A group of authors have alleged that Mark Zuckerberg approved the use of “pirated” versions of copyrighted books to train the company’s artificial intelligence models. US court filings.
Internal referencing. Meta Communications, the filing claims that the social network company’s chief executive supported the use of the LibGen dataset, a vast online archive of books, despite warnings from within the company’s AI executive team that the dataset was “We know it’s being pirated”.
According to the filing, using a database containing pirated content could undermine the owners of Facebook and Instagram’s negotiations with regulators, the internal message said. “Media coverage suggesting that we have used a dataset we know to be pirated, such as LibGen, could undermine our negotiating position with regulators.”
American author Ta-Nehisi Coates, comedian Sarah Silverman and other writers are suing Meta for copyright infringement, making the allegations in a filing made public on Wednesday in a California federal court.
The authors Sued Meta in 2023Arguing that the social media company misused his books to train llamas, its chatbots are a major model of powerful language.
The Library Genesis, or LibGen, dataset is a “shadow library” that originated in Russia and claims to contain millions of novels, nonfiction books, and science magazine articles.
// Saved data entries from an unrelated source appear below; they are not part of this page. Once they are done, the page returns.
(* Let $X=\ell_p$ for some $1\le p<\infty$, or $X=c_0$, considered as a Banach algebra under coordinatewise multiplication. Let $\mathcal A$ be a finitely invariant Furstenberg family and $\lambda\in\mathbb C$ with $|\lambda|>1$. Then $\lambda B$ admits an algebra of $\mathcal A$-hypercyclic vectors, except zero (i.e. there is a subalgebra $\mathcal B\ne\{0\}$ of $X$ all of whose non-zero elements are $\mathcal A$-hypercyclic for $\lambda B$), if and only if there exists a family $(A(l,m))_{l,m\ge1}$ of pairwise disjoint sets in $\mathcal A$ such that, for any $l,m,l',m'\ge1$ and any $n\in A(l,m)$, $n'\in A(l',m')$ with $n'>n$, we have $n'\ge n+l$ and $n'\frac{m}{m'}\ge n+l+l'$.
   Context: $\lambda B(x(1),x(2),x(3),\ldots)=(\lambda x(2),\lambda x(3),\ldots)$. A Furstenberg family is a non-empty family $\mathcal A$ of subsets of $\mathbb N_0$ with $\varnothing\notin\mathcal A$ and such that $A\in\mathcal A$, $A\subset B\subset\mathbb N_0$ imply $B\in\mathcal A$; it is finitely invariant if $A\in\mathcal A$ implies $A\setminus[0,N]\in\mathcal A$ for all $N\ge0$. A vector $x$ is $\mathcal A$-hypercyclic for an operator $T$ if for every non-empty open $U\subset X$, $\{n\ge0:T^nx\in U\}\in\mathcal A$. *)

From Stdlib Require Import Reals.
From Coquelicot Require Import Coquelicot.
Open Scope R_scope.

Definition cseq := nat -> C.

Definition powp (a p : R) : R := if Req_EM_T a 0 then 0 else Rpower a p.

Inductive seqspace := Lp (p : R) | C0space.

Definition valid_space (X : seqspace) : Prop :=
  match X with Lp p => 1 <= p | C0space => True end.

Definition inX (X : seqspace) (x : cseq) : Prop :=
  match X with
  | Lp p => ex_series (fun n => powp (Cmod (x n)) p)
  | C0space => is_lim_seq (fun n => Cmod (x n)) 0
  end.

Definition normX (X : seqspace) (x : cseq) : R :=
  match X with
  | Lp p => powp (Series (fun n => powp (Cmod (x n)) p)) (1 / p)
  | C0space => real (Sup_seq (fun n => Cmod (x n)))
  end.

Definition csub (x y : cseq) : cseq := fun n => Cminus (x n) (y n).

Definition openX (X : seqspace) (U : cseq -> Prop) : Prop :=
  (forall x, U x -> inX X x) /\
  forall x, U x -> exists eps, 0 < eps /\
    forall y, inX X y -> normX X (csub y x) < eps -> U y.

Definition czero : cseq := fun _ => RtoC 0.
Definition cadd (x y : cseq) : cseq := fun n => Cplus (x n) (y n).
Definition cscal (a : C) (x : cseq) : cseq := fun n => Cmult a (x n).
Definition cmul (x y : cseq) : cseq := fun n => Cmult (x n) (y n).

Definition subalgebra (X : seqspace) (B : cseq -> Prop) : Prop :=
  (forall x, B x -> inX X x) /\
  B czero /\
  (forall x y, B x -> B y -> B (cadd x y)) /\
  (forall a x, B x -> B (cscal a x)) /\
  (forall x y, B x -> B y -> B (cmul x y)).

Definition lamB (lam : C) (x : cseq) : cseq := fun n => Cmult lam (x (S n)).

Definition furstenberg (A : (nat -> Prop) -> Prop) : Prop :=
  (exists S, A S) /\
  ~ A (fun _ => False) /\
  (forall S S', A S -> (forall n, S n -> S' n) -> A S').

Definition finitely_invariant (A : (nat -> Prop) -> Prop) : Prop :=
  forall S, A S -> forall N : nat, A (fun n => S n /\ (N < n)%nat).

Definition A_hypercyclic (X : seqspace) (A : (nat -> Prop) -> Prop)
  (T : cseq -> cseq) (x : cseq) : Prop :=
  forall U, openX X U -> (exists y, U y) ->
    A (fun n => U (Nat.iter n T x)).

(* Necessity.  If [x <> 0] lies in a hypercyclic algebra, so does every power
   [x^m], and we let [F l m] be the set of return times of [(lam B)^n x^m] to a
   small neighbourhood of the sequence with three equal peaks, at [0], [l] and
   [l + m], of height [|lam|^(l m) + 1].  At a return time [n] the moduli
   [|lam|^n |x_q|^m] are large on [n], [n + l], [n + l + m] and tiny elsewhere;
   comparing two returns coordinatewise shows that distinct pairs [(l, m)] never
   return at the same time, that a later return [n'] satisfies [n' > n + l + m],
   and that [|lam|^(l' m') <= |lam|^n' |x_n'|^m'] together with
   [|lam|^n |x_n'|^m <= |lam|^(-l)] gives [n' m > (n + l) m' + l' m' m].

   Sufficiency.  Let [dense_seq l] enumerate, with repetitions, a dense set of
   finitely supported sequences.  Using the given family at suitably large
   indices [gap l m], we build [x] blockwise: for every return time [n] of
   [(l, m)] the block starting at [n] carries the [m]-th roots of
   [dense_seq l / lam^n], so that [lam^n x^m] reproduces [dense_seq l] there.
   The spacing condition keeps the blocks disjoint and makes the contribution of
   all later blocks to [lam^n x^m] summable and small.  If [P] is a polynomial
   without constant term whose lowest monomial is [a z^m], then on such a block
   [P(x) ~ a x^m] since [x] is small, so [(lam B)^n P(x)] is close to
   [a * dense_seq l]; density of [dense_seq] makes every nonzero element of the
   algebra generated by [x] [A]-hypercyclic. *)

From Stdlib Require Import Reals Lra Lia Psatz List Wf_nat ZArith Cantor.
From Stdlib Require Import Classical ClassicalEpsilon FunctionalExtensionality.
From Coquelicot Require Import Coquelicot.
Open Scope R_scope.

(** * Real powers, finite sums and series *)

Lemma powp_ge0 a p : 0 <= powp a p.
Proof. unfold powp; destruct (Req_EM_T a 0); [lra | left; apply exp_pos]. Qed.

Lemma powp0 p : powp 0 p = 0.
Proof. unfold powp; destruct (Req_EM_T 0 0); lra. Qed.

Lemma powp_Rpower a p : 0 < a -> powp a p = Rpower a p.
Proof. intros Ha; unfold powp; destruct (Req_EM_T a 0); [lra | reflexivity]. Qed.

Lemma powp_gt0 a p : 0 < a -> 0 < powp a p.
Proof. intros Ha; rewrite powp_Rpower by lra; apply exp_pos. Qed.

Lemma powp_le a b p : 0 <= a <= b -> 0 <= p -> powp a p <= powp b p.
Proof.
  intros [Ha Hab] Hp; destruct (Req_dec a 0) as [->|Ha0].
  - rewrite powp0; apply powp_ge0.
  - rewrite !powp_Rpower by lra; apply Rle_Rpower_l; lra.
Qed.

Lemma powp_lt a b p : 0 <= a < b -> 0 < p -> powp a p < powp b p.
Proof.
  intros [Ha Hab] Hp; destruct (Req_dec a 0) as [->|Ha0].
  - rewrite powp0; apply powp_gt0; lra.
  - rewrite !powp_Rpower by lra; apply Rlt_Rpower_l; lra.
Qed.

Lemma powp_mult a b p : 0 <= a -> 0 <= b -> powp (a * b) p = powp a p * powp b p.
Proof.
  intros Ha Hb; destruct (Req_dec a 0) as [->|Ha0].
  { rewrite Rmult_0_l, !powp0; ring. }
  destruct (Req_dec b 0) as [->|Hb0].
  { rewrite Rmult_0_r, !powp0; ring. }
  rewrite !powp_Rpower by nra; symmetry; apply Rpower_mult_distr; lra.
Qed.

Lemma powpK a p : 0 <= a -> 0 < p -> powp (powp a p) (1 / p) = a.
Proof.
  intros Ha Hp; destruct (Req_dec a 0) as [->|Ha0]; [rewrite !powp0; reflexivity|].
  rewrite (powp_Rpower a), powp_Rpower, Rpower_mult by (try apply exp_pos; lra).
  replace (p * (1 / p)) with 1 by (field; lra); apply Rpower_1; lra.
Qed.

Lemma powp_le_id a p : 0 <= a <= 1 -> 1 <= p -> powp a p <= a.
Proof.
  intros [Ha Ha1] Hp; destruct (Req_dec a 0) as [->|Ha0]; [rewrite powp0; lra|].
  rewrite powp_Rpower by lra; rewrite <- (Rpower_1 a) at 2 by lra; unfold Rpower.
  assert (ln a <= 0) by (rewrite <- ln_1; apply ln_le; lra).
  assert (Hle : p * ln a <= 1 * ln a) by nra.
  destruct (Rle_lt_or_eq_dec _ _ Hle) as [Hlt | E]; [left; apply exp_increasing, Hlt | rewrite E; lra].
Qed.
Last year, a federal court in New York ordered the anonymous operators of LibGen. Pay a group of publishers $30 million. in damages (£24m) for copyright infringement.
The use of copyrighted material in training AI models has become a A legal battleground In the development of creative AI tools such as the ChatGPT chatbot, creative professionals and publishers have been warned against using their work without permission. jeopardizing their livelihood and business models.
The filing cites a memo, which refers to Mark Zuckerberg’s initials, noting that “after moving to MZ,” Meta’s AI team was “approved to use LibGen is given”.
Citing internal communications, the filing also states that Metaengineers discussed accessing and reviewing LibGen data but hesitated to begin the process because of “torrenting,” the peer-to-peer sharing of files. The term peer sharing, from “a”. [Meta-owned] A corporate laptop doesn’t look right”.
A US district judge, Vince Chhabria, last year rejected claims that text generated by Meta’s AI models infringed authors’ copyrights and that Meta had illegally copied their books. Copyright Management Information (CMI), which contains information about the work, including the title, has been stripped. Name of author and copyright owner. However, the plaintiffs were allowed to amend their claims.
The authors argued this week that the evidence bolstered their infringement claims and justified reopening their CMI case and adding a new computer fraud charge.
Chhabria said during a hearing on Thursday that he would allow the authors to file an amended complaint but expressed doubts about the fraud and the merits of CMI’s claims.
Meta has been contacted for comment.
Reuters contributed to this article.